##### AVAILABLE RECORDS #####

(* Let $A$ be a commutative ring and $\sigma$ a hereditary torsion theory on $A$-modules. (i) If $L\subseteq M$ is a totally $\sigma$-torsion submodule of an $A$-module $M$, then $M$ is totally $\sigma$-simple if and only if $M/L$ is totally $\sigma$-simple. (ii) If $M\subseteq M'$ are $A$-modules and there exists $\mathfrak{h}_0\in\mathcal{L}(\sigma)$ with $M'\mathfrak{h}_0\subseteq M$, then $M$ is totally $\sigma$-simple if and only if $M'$ is totally $\sigma$-simple.
   Context: $\mathcal{L}(\sigma)$ is the Gabriel filter of $\sigma$. A module $X$ is totally $\sigma$-torsion if $X\mathfrak{k}=0$ for some $\mathfrak{k}\in\mathcal{L}(\sigma)$. An $A$-module $M$ is totally $\sigma$-simple if $M$ is not totally $\sigma$-torsion and there exists $\mathfrak{h}\in\mathcal{L}(\sigma)$ such that $M\mathfrak{h}\subseteq H$ for every submodule $H\subseteq M$ that is not totally $\sigma$-torsion. *)

From HB Require Import structures.
From mathcomp Require Import all_boot all_order all_algebra.
Set Implicit Arguments. Unset Strict Implicit. Unset Printing Implicit Defensive.
Import GRing.Theory.
Local Open Scope ring_scope.

Definition is_ideal (A : comPzRingType) (I : {pred A}) : Prop :=
  [/\ 0 \in I,
      (forall x y, x \in I -> y \in I -> x + y \in I) &
      (forall a x, x \in I -> a * x \in I)].

Definition colon (A : comPzRingType) (I : {pred A}) (a : A) : {pred A} :=
  fun b => b * a \in I.

(* A Gabriel filter (= the Gabriel filter L(sigma) of a hereditary torsion
   theory sigma on A-modules), given as a family of ideals of A. *)
Definition gabriel_filter (A : comPzRingType) (F : {pred A} -> Prop) : Prop :=
  [/\ (forall I, F I -> is_ideal I),
      F (fun _ => true),
      (forall I J, F I -> is_ideal J -> {subset I <= J} -> F J),
      (forall I a, F I -> F (colon I a)) &
      (forall I J, is_ideal I -> F J ->
          (forall a, a \in J -> F (colon I a)) -> F I)].

Definition is_submod (A : comPzRingType) (V : lmodType A) (S : {pred V}) : Prop :=
  [/\ 0 \in S,
      (forall x y, x \in S -> y \in S -> x + y \in S) &
      (forall (a : A) x, x \in S -> a *: x \in S)].

(* The product X k of a submodule X and an ideal k: the set of finite sums
   of elements a *: x with a \in k and x \in X (commutative ring, so
   left/right does not matter). *)
Definition prodmod (A : comPzRingType) (V : lmodType A) (X : {pred V})
    (k : {pred A}) (v : V) : Prop :=
  exists n (a : 'I_n -> A) (x : 'I_n -> V),
    [/\ (forall i, a i \in k), (forall i, x i \in X) &
        v = \sum_(i < n) a i *: x i].

Definition totally_torsion (A : comPzRingType) (F : {pred A} -> Prop)
    (V : lmodType A) (X : {pred V}) : Prop :=
  exists k, F k /\ (forall v, prodmod X k v -> v = 0).

(* The submodule S of V (viewed as a module) is totally sigma-simple;
   submodules of S are the submodules of V contained in S. *)
Definition totally_simple (A : comPzRingType) (F : {pred A} -> Prop)
    (V : lmodType A) (S : {pred V}) : Prop :=
  ~ totally_torsion F S /\
  exists h, F h /\
    forall H : {pred V}, is_submod H -> {subset H <= S} ->
      ~ totally_torsion F H -> (forall v, prodmod S h v -> v \in H).

From HB Require Import structures.
From mathcomp Require Import all_boot all_order all_algebra.
From mathcomp Require Import boolp.
Set Implicit Arguments.
Unset Strict Implicit.
Unset Printing Implicit Defensive.

Import GRing.Theory.
Local Open Scope ring_scope.

(* Write "X k <= Y" ([scales_into k X Y]) for: a *: x \in Y whenever a \in k
   and x \in X.  Since X k is generated by these products, X is totally
   torsion iff X k <= 0 for some k in L(sigma), and S is totally simple iff S
   is not totally torsion and S h <= core S for some h in L(sigma), where
   [core S] is the intersection of all non totally torsion submodules of S.
   The one property of the Gabriel filter we use is that it is closed under
   products: if X h0 <= Y and Y h <= Q with Q a submodule, then X k <= Q for
   some k in L(sigma) (the transporter ideal (Q : X) contains h0 h).  Hence
   "X h0 <= Y with Y totally torsion" forces X to be totally torsion.
   (ii) M and M' are then simultaneously totally torsion, core M <= core M'
   (intersect any admissible H <= M' with M) and core M' <= core M, and
   M h0 h <= core M' transfers simplicity from M to M'.
   (i) Preimages and images along the surjection f : M -> M/L reflect total
   torsion (the latter because L is totally torsion), so cores correspond:
   f maps core M into core (M/L), and f^-1 (core (M/L)) k0 <= core M where
   L k0 = 0; composing with the filter again transfers simplicity back. *)

Section TotallySimple.
Variables (A : comPzRingType) (F : {pred A} -> Prop).
Hypothesis hF : gabriel_filter F.

Lemma colon_ideal (I : {pred A}) (a : A) : is_ideal I -> is_ideal (colon I a).
Proof.
case=> I0 ID IM; split; rewrite /colon ?unfold_in.
- by rewrite mul0r.
- by move=> x y; rewrite !unfold_in mulrDl; exact: ID.
- by move=> b x; rewrite !unfold_in -mulrA; exact: IM.
Qed.

Lemma filter_product (I J K : {pred A}) :
  F I -> F J -> is_ideal K ->
  (forall a b, a \in I -> b \in J -> b * a \in K) -> F K.
Proof.
case: hF => _ _ Fup _ Fglue FI FJ idK IJK.
apply: (Fglue K I idK FI) => a Ia.
by apply: (Fup J) => // [|b Jb]; [exact: colon_ideal | exact: IJK].
Qed.

Section Modules.
Variable V : lmodType A.

Definition scales_into (k : {pred A}) (X Y : {pred V}) : Prop :=
  forall a x, a \in k -> x \in X -> a *: x \in Y.

Definition transporter (X Q : {pred V}) : {pred A} :=
  fun c => `[< forall x, x \in X -> c *: x \in Q >].

Lemma transporter_ideal (X Q : {pred V}) :
  is_submod Q -> is_ideal (transporter X Q).
Proof.
case=> Q0 QD QZ; split; rewrite /transporter ?unfold_in.
- by apply/asboolP => x _; rewrite scale0r.
- move=> c d; rewrite !unfold_in => /asboolP Hc /asboolP Hd.
  by apply/asboolP => x Xx; rewrite scalerDl QD ?Hc ?Hd.
- move=> b c; rewrite !unfold_in => /asboolP Hc.
  by apply/asboolP => x Xx; rewrite -scalerA QZ ?Hc.
Qed.

Lemma scales_into_trans (h0 h : {pred A}) (X Y Q : {pred V}) :
  F h0 -> F h -> is_submod Q ->
  scales_into h0 X Y -> scales_into h Y Q ->
  exists k, F k /\ scales_into k X Q.
Proof.
move=> Fh0 Fh subQ XY YQ; exists (transporter X Q); split.
  apply: (filter_product Fh0 Fh (transporter_ideal X subQ)) => a b ha hb.
  by apply/asboolP => x Xx; rewrite -scalerA; apply/YQ/XY.
by move=> c x /asboolP; apply.
Qed.

Lemma submod0 : is_submod (pred1 (0 : V)).
Proof.
split; first by rewrite inE.
- by move=> x y; rewrite !inE => /eqP-> /eqP->; rewrite addr0.
- by move=> a x; rewrite !inE => /eqP->; rewrite scaler0.
Qed.

Lemma submodI (H K : {pred V}) :
  is_submod H -> is_submod K -> is_submod [predI H & K].
Proof.
case=> H0 HD HZ [K0 KD KZ]; split; rewrite ?inE ?H0 ?K0 //.
- by move=> x y; rewrite !inE => /andP[Hx Kx] /andP[Hy Ky]; rewrite HD ?KD.
- by move=> a x; rewrite !inE => /andP[Hx Kx]; rewrite HZ ?KZ.
Qed.

Lemma prodmod_gen (X : {pred V}) (k : {pred A}) a x :
  a \in k -> x \in X -> prodmod X k (a *: x).
Proof.
move=> ka Xx; exists 1%N, (fun _ => a), (fun _ => x).
by split=> //; rewrite big_ord1.
Qed.

Lemma prodmod_sub (X Q : {pred V}) (k : {pred A}) :
  is_submod Q -> scales_into k X Q -> forall v, prodmod X k v -> v \in Q.
Proof.
case=> Q0 QD _ XQ _ [n [a [x [ka Xx ->]]]].
by elim/big_ind: _ => // i _; apply: XQ.
Qed.

Lemma torsionP (X : {pred V}) :
  totally_torsion F X <-> exists k, F k /\ scales_into k X (pred1 0).
Proof.
split=> -[k [Fk Xk]]; exists k; split=> //.
  by move=> a x ka Xx; apply/eqP/Xk/prodmod_gen.
by move=> v /(prodmod_sub submod0 Xk) /eqP.
Qed.

Lemma torsion_sub (X Y : {pred V}) :
  {subset X <= Y} -> totally_torsion F Y -> totally_torsion F X.
Proof.
move=> XY /torsionP[k [Fk Yk]]; apply/torsionP; exists k; split=> //.
by move=> a x ka /XY; apply: Yk.
Qed.

Lemma torsion_transfer (h0 : {pred A}) (X Y : {pred V}) :
  F h0 -> scales_into h0 X Y -> totally_torsion F Y -> totally_torsion F X.
Proof.
move=> Fh0 XY /torsionP[k [Fk Yk]]; apply/torsionP.
exact: scales_into_trans Fh0 Fk submod0 XY Yk.
Qed.

Definition core (S : {pred V}) : {pred V} :=
  fun v => `[< forall H : {pred V}, is_submod H -> {subset H <= S} ->
                 ~ totally_torsion F H -> v \in H >].

Lemma coreP (S H : {pred V}) v :
  v \in core S -> is_submod H -> {subset H <= S} -> ~ totally_torsion F H ->
  v \in H.
Proof. by rewrite unfold_in => /asboolP; apply. Qed.

Lemma core_submod (S : {pred V}) : is_submod (core S).
Proof.
split; rewrite /core ?unfold_in.
- by apply/asboolP => H [H0 _ _].
- move=> x y Sx Sy; apply/asboolP => H subH HS ntH; case: (subH) => _ HD _.
  by rewrite HD ?(coreP Sx) ?(coreP Sy).
- move=> a x Sx; apply/asboolP => H subH HS ntH; case: (subH) => _ _ HZ.
  by rewrite HZ ?(coreP Sx).
Qed.

Lemma core_anti (S S' : {pred V}) :
  {subset S <= S'} -> {subset core S' <= core S}.
Proof.
move=> SS' v /coreP Sv; rewrite unfold_in; apply/asboolP => H subH HS ntH.
by apply: Sv => // x /HS /SS'.
Qed.

Lemma simpleP (S : {pred V}) :
  totally_simple F S <->
  ~ totally_torsion F S /\ exists h, F h /\ scales_into h S (core S).
Proof.
split=> -[ntS [h [Fh Sh]]]; split=> //; exists h; split=> //.
  move=> a x ha Sx; rewrite unfold_in; apply/asboolP => H subH HS ntH.
  exact/(Sh H subH HS ntH)/prodmod_gen.
by move=> H subH HS ntH; apply: prodmod_sub => // a x ha /(Sh a x ha) /coreP; apply.
Qed.

Section Enlargement.
Variables (M M' : {pred V}) (h0 : {pred A}).
Hypotheses (subM : is_submod M) (MM' : {subset M <= M'}) (Fh0 : F h0)
           (M'M : scales_into h0 M' M).

Lemma torsion_enlarge : totally_torsion F M <-> totally_torsion F M'.
Proof. by split; [exact: torsion_transfer Fh0 M'M | exact: torsion_sub MM']. Qed.

(* Every admissible H <= M' meets M in an admissible submodule of M. *)
Lemma core_enlarge : {subset core M <= core M'}.
Proof.
move=> v Mv; rewrite unfold_in; apply/asboolP => H subH HM' ntH.
have subHM := submodI subH subM.
have HMM : {subset [predI H & M] <= M} by move=> x /andP[].
have ntHM : ~ totally_torsion F [predI H & M].
  move=> ttHM; apply: ntH; apply: (torsion_transfer Fh0 _ ttHM) => a x ha Hx.
  by case: subH => _ _ HZ; rewrite inE HZ ?M'M ?HM'.
by case/andP: (coreP Mv subHM HMM ntHM).
Qed.

(* Simplicity restricts along M h <= M' h <= core M' <= core M and extends
   along M' h0 h <= M h <= core M <= core M'. *)
Lemma simple_enlarge : totally_simple F M <-> totally_simple F M'.
Proof.
rewrite !simpleP torsion_enlarge; split=> -[nt [h [Fh Sh]]]; split=> //.
  have MtoM' : scales_into h M (core M') by move=> a x ha /(Sh a x ha)/core_enlarge.
  exact: scales_into_trans Fh0 Fh (core_submod M') M'M MtoM'.
by exists h; split=> // a x ha /MM' /(Sh a x ha); apply: core_anti.
Qed.

End Enlargement.
End Modules.

(* Part (i): a surjective linear map f : M -> N with kernel L presents N as M/L. *)
Section Quotient.
Variables (M N : lmodType A) (f : {linear M -> N}) (L : {pred M}).
Hypotheses (kerf : forall x, f x = 0 <-> x \in L)
           (surjf : forall y, exists x, f x = y).

Definition image_pred (H : {pred M}) : {pred N} :=
  fun y => `[< exists2 x, x \in H & f x = y >].

Definition preim_pred (P : {pred N}) : {pred M} := fun x => f x \in P.

Lemma image_predP (H : {pred M}) x : x \in H -> f x \in image_pred H.
Proof. by move=> Hx; rewrite unfold_in; apply/asboolP; exists x. Qed.

Lemma submod_image (H : {pred M}) : is_submod H -> is_submod (image_pred H).
Proof.
case=> H0 HD HZ; split; rewrite /image_pred ?unfold_in.
- by apply/asboolP; exists 0; rewrite ?linear0.
- move=> y z; rewrite !unfold_in => /asboolP[u Hu <-] /asboolP[w Hw <-].
  by apply/asboolP; exists (u + w); rewrite ?HD ?linearD.
- move=> a y; rewrite !unfold_in => /asboolP[u Hu <-].
  by apply/asboolP; exists (a *: u); rewrite ?HZ ?linearZ.
Qed.

Lemma submod_preim (P : {pred N}) : is_submod P -> is_submod (preim_pred P).
Proof.
case=> P0 PD PZ; split; rewrite /preim_pred ?unfold_in.
- by rewrite linear0.
- by move=> x y; rewrite !unfold_in linearD; apply: PD.
- by move=> a x; rewrite !unfold_in linearZ; apply: PZ.
Qed.

(* By surjectivity, total torsion of a preimage descends to the image. *)
Lemma torsion_of_preim (P : {pred N}) :
  totally_torsion F (preim_pred P) -> totally_torsion F P.
Proof.
move=> /torsionP[k [Fk Pk]]; apply/torsionP; exists k; split=> // a y ka Py.
have [x fx] := surjf y; move: Py; rewrite -fx => Px.
by move: (Pk a x ka Px); rewrite !inE -linearZ => /eqP->; rewrite linear0.
Qed.

(* Since the kernel L is totally torsion, total torsion of an image lifts. *)
Lemma torsion_of_image (H : {pred M}) :
  totally_torsion F L -> totally_torsion F (image_pred H) -> totally_torsion F H.
Proof.
move=> ttL /torsionP[k [Fk Hk]]; apply: torsion_transfer Fk _ ttL => a x ka Hx.
by apply/kerf; rewrite linearZ; apply/eqP/Hk/image_predP.
Qed.

(* Every admissible H <= S has an admissible preimage, so the core of
   f^-1 S maps into the core of S. *)
Lemma core_preim (S : {pred N}) :
  {subset core (preim_pred S) <= preim_pred (core S)}.
Proof.
move=> v Sv; rewrite unfold_in /preim_pred unfold_in.
apply/asboolP => H subH HS ntH.
apply: (coreP Sv (submod_preim subH)); last exact: contra_not (@torsion_of_preim H) ntH.
by move=> x; rewrite !unfold_in => /HS.
Qed.

(* If L k0 = 0, then f^-1 (core (f S)) k0 <= core S: an element of the
   preimage differs from an element of each admissible H by an element of L. *)
Lemma core_kernel (S : {pred M}) (k0 : {pred A}) :
  F k0 -> scales_into k0 L (pred1 0) ->
  scales_into k0 (preim_pred (core (image_pred S))) (core S).
Proof.
move=> Fk0 Lk0 b v kb fSv; rewrite unfold_in; apply/asboolP => H subH HS ntH.
have ttL : totally_torsion F L by apply/torsionP; exists k0.
have /asboolP[u Hu fu] : f v \in image_pred H.
  apply: (coreP fSv (submod_image subH)).
    by move=> y /asboolP[x /HS Sx <-]; apply: image_predP.
  exact: contra_not (torsion_of_image ttL) ntH.
have Lvu : v - u \in L by apply/kerf; rewrite linearB fu subrr.
rewrite -(subrK u v) addrC; case: subH => _ HD HZ.
by rewrite scalerDr (eqP (Lk0 _ _ kb Lvu)) addr0 HZ.
Qed.

Lemma simple_quotient : totally_torsion F L ->
  totally_simple F (fun _ : M => true) <-> totally_simple F (fun _ : N => true).
Proof.
move=> ttL; have /torsionP[k0 [Fk0 Lk0]] := ttL.
have torsionMN :
    totally_torsion F (fun _ : M => true) <-> totally_torsion F (fun _ : N => true).
  split=> [ttM | ttN].
    by apply: torsion_of_preim; apply: torsion_sub ttM.
  by apply: (torsion_of_image ttL); apply: torsion_sub ttN.
rewrite !simpleP torsionMN; split=> -[nt [h [Fh Sh]]]; split=> //.
  exists h; split=> // a y ha _; have [x <-] := surjf y; rewrite -linearZ.
  have /core_preim : a *: x \in core (preim_pred (fun _ => true)).
    by apply: core_anti (Sh a x ha isT).
  by rewrite unfold_in.
have Sh' : scales_into h (fun _ => true) (preim_pred (core (image_pred (fun _ => true)))).
  by move=> a x ha _; rewrite unfold_in /preim_pred linearZ; apply: core_anti (Sh _ _ ha isT).
exact: scales_into_trans Fh Fk0 (core_submod _) Sh' (core_kernel Fk0 Lk0).
Qed.

End Quotient.
End TotallySimple.

Theorem mainTheorem20 (A : comPzRingType) (F : {pred A} -> Prop) :
  gabriel_filter F ->
  (* (i): M/L is represented by any N with a surjective linear map M -> N
     whose kernel is exactly L. *)
  (forall (M N : lmodType A) (L : {pred M}) (f : {linear M -> N}),
      is_submod L -> totally_torsion F L ->
      (forall x, f x = 0 <-> x \in L) -> (forall y, exists x, f x = y) ->
      (totally_simple F (fun _ : M => true) <->
       totally_simple F (fun _ : N => true))) /\
  (* (ii) *)
  (forall (V : lmodType A) (M M' : {pred V}),
      is_submod M -> is_submod M' -> {subset M <= M'} ->
      (exists h0, F h0 /\ (forall v, prodmod M' h0 v -> v \in M)) ->
      (totally_simple F M <-> totally_simple F M')).
Proof.
move=> hF; split.
  by move=> M N L f _ ttL kerf surjf; apply: simple_quotient kerf surjf ttL.
move=> V M M' subM _ MM' [h0 [Fh0 M'h0]].
apply: (simple_enlarge hF subM MM' Fh0) => a x ha M'x.
exact/M'h0/prodmod_gen.
Qed.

#####

• TASK INSTRUCTIONS
From the records above, show each line that contains the word "mathfrak".

• RESULT FOR THIS EXERCISE
(* Let $A$ be a commutative ring and $\sigma$ a hereditary torsion theory on $A$-modules. (i) If $L\subseteq M$ is a totally $\sigma$-torsion submodule of an $A$-module $M$, then $M$ is totally $\sigma$-simple if and only if $M/L$ is totally $\sigma$-simple. (ii) If $M\subseteq M'$ are $A$-modules and there exists $\mathfrak{h}_0\in\mathcal{L}(\sigma)$ with $M'\mathfrak{h}_0\subseteq M$, then $M$ is totally $\sigma$-simple if and only if $M'$ is totally $\sigma$-simple.
   Context: $\mathcal{L}(\sigma)$ is the Gabriel filter of $\sigma$. A module $X$ is totally $\sigma$-torsion if $X\mathfrak{k}=0$ for some $\mathfrak{k}\in\mathcal{L}(\sigma)$. An $A$-module $M$ is totally $\sigma$-simple if $M$ is not totally $\sigma$-torsion and there exists $\mathfrak{h}\in\mathcal{L}(\sigma)$ such that $M\mathfrak{h}\subseteq H$ for every submodule $H\subseteq M$ that is not totally $\sigma$-torsion. *)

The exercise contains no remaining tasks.